What this task involves:
Please copy out each line of the entries in which "nilK" appears.

Supplied information:
• • • • •

Lemma order_sum_dprod (gT : finGroupType) (A B G : {group gT}) :
  (A \x B)%g = G -> coprime #|A| #|B| -> order_sum G = order_sum A * order_sum B.
Proof.
move=> defG coAB; have [_ defAB cAB _] := dprodP defG.
have uniqAB := mem_dprod defG.
have imG : G = [set u.1 * u.2 | u in setX A B]%g :> {set gT}.
  apply/setP=> x; apply/idP/imsetP => [/uniqAB[y [z [yA zB -> _]]] | [[y z]]].
    by exists (y, z); rewrite ?inE ?yA ?zB.
  by rewrite inE /= => /andP[yA zB] ->; rewrite -defAB imset2_f.
rewrite /order_sum imG big_imset /=; last first.
  move=> [y z] [y' z']; rewrite !inE /= => /andP[yA zB] /andP[y'A z'B] eq_yz.
  have yzG : (y * z)%g \in G by rewrite -defAB imset2_f.
  have [? [? [_ _ _ uniq_yz]]] := uniqAB _ yzG.
  by have [-> ->] := uniq_yz y z yA zB (erefl _); have [-> ->] := uniq_yz y' z' y'A z'B eq_yz.
rewrite big_distrlr /= pair_big /=.
apply: eq_big => [[y z]|[y z]]; rewrite ?inE //= => /andP[yA zB].
have co_yz : coprime #[y]%g #[z]%g.
  by rewrite (coprime_dvdl (order_dvdG yA)) // (coprime_dvdr (order_dvdG zB)).
have c_yz : commute y z by apply: commute_sym; apply: (centsP cAB).
by rewrite orderM // term_rsM ?order_gt0.
Qed.

Lemma order_sum_pcore_prod (gT : finGroupType) (G : {group gT}) (ps : seq nat) :
  nilpotent G -> uniq ps -> all prime ps ->
  order_sum 'O_[pred q | q \in ps](G)%g = \prod_(p <- ps) order_sum 'O_p(G)%g.
Proof.
move=> nilG; elim: ps => [|p ps IHps] /=.
  move=> _ _; rewrite big_nil -(order_sum1 gT); congr order_sum; apply/eqP.
  rewrite trivg_card1; apply/eqP; apply: pnat_1 (pcore_pgroup _ G) _.
  by apply: sub_in_pnat (pnat_pi (cardG_gt0 _)) => q _ _; rewrite !inE.
case/andP=> p_ps uniq_ps /andP[p_pr ps_pr].
set K := 'O_[pred q | q \in p :: ps](G)%G.
have nilK : nilpotent K by apply: nilpotentS (pcore_sub _ _) nilG.
have Kp : 'O_p(K)%g = 'O_p(G)%g.
  rewrite -pcoreI; apply: eq_pcore => q; rewrite !inE.
  by case: eqP => // ->; rewrite eqxx.
have Kp' : 'O_p^'(K)%g = 'O_[pred q | q \in ps](G)%g.
  rewrite -pcoreI; apply: eq_pcore => q; rewrite !inE.
  by case: eqP => [->|] //=; rewrite (negbTE p_ps).
rewrite big_cons -(IHps uniq_ps ps_pr) (order_sum_dprod (nilpotent_pcoreC p nilK)).
  by rewrite /= Kp Kp'.
exact: pnat_coprime (pcore_pgroup _ _) (pcore_pgroup _ _).
Qed.

Lemma order_sum_nil_prod (gT : finGroupType) (G : {group gT}) : nilpotent G ->
  order_sum G = \prod_(p <- primes #|G|) order_sum 'O_p(G)%g.
Proof.
move=> nilG; rewrite -order_sum_pcore_prod ?primes_uniq ?all_prime_primes //.
congr order_sum; apply/esym/pcore_pgroup_id.
by apply: sub_in_pnat (pgroup_pi G) => q _; rewrite !inE.
Qed.

Lemma order_sum_pgroup (gT : finGroupType) (P : {group gT}) p k :
  prime p -> #|P| = (p ^ k)%N ->
  order_sum P = (p ^ k)%:R * f (p ^ k) +
    \sum_(j < k) #|'Ldiv_(p ^ j)(P)%g|%:R * (f (p ^ j) - f (p ^ j.+1)).
Proof.
move=> p_pr oP; rewrite /order_sum.
rewrite (eq_bigr (fun x => f (p ^ k) +
  \sum_(j < k | x \in 'Ldiv_(p ^ j)()%g) (f (p ^ j) - f (p ^ j.+1)))); last first.
  move=> x xP; have : (#[x]%g %| p ^ k)%N by rewrite -oP order_dvdG.
  case/(dvdn_pfactor _ _ p_pr) => a le_ak ox; rewrite ox.
  have tel : \sum_(a <= j < k) (f (p ^ j) - f (p ^ j.+1)) = f (p ^ a) - f (p ^ k).
    by rewrite (telescope_sumr_eq (fun j => - f (p ^ j))) // => [|j _]; rewrite opprK addrC.
  rewrite -[f (p ^ a)](subrK (f (p ^ k))) -tel big_geq_mkord addrC; congr (_ + _).
  by apply: eq_bigl => j; rewrite inE -order_dvdn ox dvdn_Pexp2l ?prime_gt1.
rewrite big_split sumr_const oP mulr_natl; congr (_ + _).
rewrite (exchange_big_dep predT) //=; apply: eq_bigr => j _.
rewrite (eq_bigl [in 'Ldiv_(p ^ j)(P)%g]) ?sumr_const ?mulr_natl // => x.
by rewrite in_setI.
Qed.

Definition Ldiv_excess (gT : finGroupType) (P : {set gT}) p k : R :=
  \sum_(j < k) (#|'Ldiv_(p ^ j)(P)%g|%:R - (p ^ j)%:R) * f (p ^ j).

Lemma order_sum_pgroup_sub_cyclic (gT hT : finGroupType) (P : {group gT}) (Q : {group hT}) p k :
  prime p -> #|P| = (p ^ k)%N -> #|Q| = (p ^ k)%N -> cyclic Q ->
  order_sum P - order_sum Q = (1 - Rpower (INR p) (s - r)) * Ldiv_excess P p k.
Proof.
move=> p_pr oP oQ cycQ; rewrite (order_sum_pgroup p_pr oP) (order_sum_pgroup p_pr oQ).
rewrite opprD addrACA subrr add0r -sumrB mulr_sumr; apply: eq_bigr => j _.
have -> : #|'Ldiv_(p ^ j)(Q)%g| = (p ^ j)%N.
  apply/eqP; rewrite eqn_leq card_Ldiv_cyclic_le ?expn_gt0 ?prime_gt0 //=.
  by rewrite (card_Ldiv_pgroup_ge p_pr oQ) // ltnW.
rewrite -mulrBl; have [j0 | j_gt0] := posnP j.
  (* term_rs_pfactorS fails at j = 0, but there the weight vanishes. *)
  by rewrite j0 expn0 card_Ldiv1 !subrr !mul0r mulr0.
by rewrite term_rs_pfactorS //; ring.
Qed.

Lemma Ldiv_excess_term_ge0 (gT : finGroupType) (P : {group gT}) p k j :
  prime p -> #|P| = (p ^ k)%N -> (j <= k)%N ->
  0 <= (#|'Ldiv_(p ^ j)(P)%g|%:R - (p ^ j)%:R) * f (p ^ j).
Proof.
move=> p_pr oP le_jk; rewrite mulr_ge0 ?(ltW (term_rs_gt0 _)) //.
by rewrite subr_ge0 ler_nat (card_Ldiv_pgroup_ge p_pr oP).
Qed.

Lemma Ldiv_excess_ge0 (gT : finGroupType) (P : {group gT}) p k :
  prime p -> #|P| = (p ^ k)%N -> 0 <= Ldiv_excess P p k.
Proof.
by move=> p_pr oP; apply: sumr_ge0 => j _; exact: Ldiv_excess_term_ge0 p_pr oP (ltnW (ltn_ord j)).
Qed.

Lemma Ldiv_excess_gt0 (gT : finGroupType) (P : {group gT}) p k :
  prime p -> #|P| = (p ^ k)%N -> ~~ cyclic P -> 0 < Ldiv_excess P p k.
Proof.
move=> p_pr oP ncycP; case: k oP => [|k] oP.
  by case/negP: ncycP; move/eqP: oP; rewrite expn0 -trivg_card1 => /eqP->; apply: cyclic1.
rewrite /Ldiv_excess big_ord_recr /= ltr_wpDl //.
  by apply: sumr_ge0 => j _; exact: Ldiv_excess_term_ge0 p_pr oP (leqW (ltnW (ltn_ord j))).
rewrite mulr_gt0 ?term_rs_gt0 // subr_gt0 ltr_nat.
by rewrite (Ldiv_noncyclic_pgroup p_pr oP ncycP) oP ltn_exp2l ?prime_gt1.
Qed.

Lemma order_sum_pcore_sub_cyclic (gT hT : finGroupType) (G : {group gT}) (H : {group hT}) p :
  prime p -> nilpotent G -> cyclic H -> #|H| = #|G| ->
  order_sum 'O_p(G)%g - order_sum 'O_p(H)%g =
    (1 - Rpower (INR p) (s - r)) * Ldiv_excess 'O_p(G)%g p (logn p #|G|).
Proof.
move=> p_pr nilG cycH oH; have nilH := abelian_nil (cyclic_abelian cycH).
apply: order_sum_pgroup_sub_cyclic p_pr _ _ (cyclicS (pcore_sub _ _) cycH).
  exact: card_nil_pcore.
by rewrite card_nil_pcore // oH.
Qed.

• • • • •

Task answer:
have nilK : nilpotent K by apply: nilpotentS (pcore_sub _ _) nilG.
rewrite big_cons -(IHps uniq_ps ps_pr) (order_sum_dprod (nilpotent_pcoreC p nilK)).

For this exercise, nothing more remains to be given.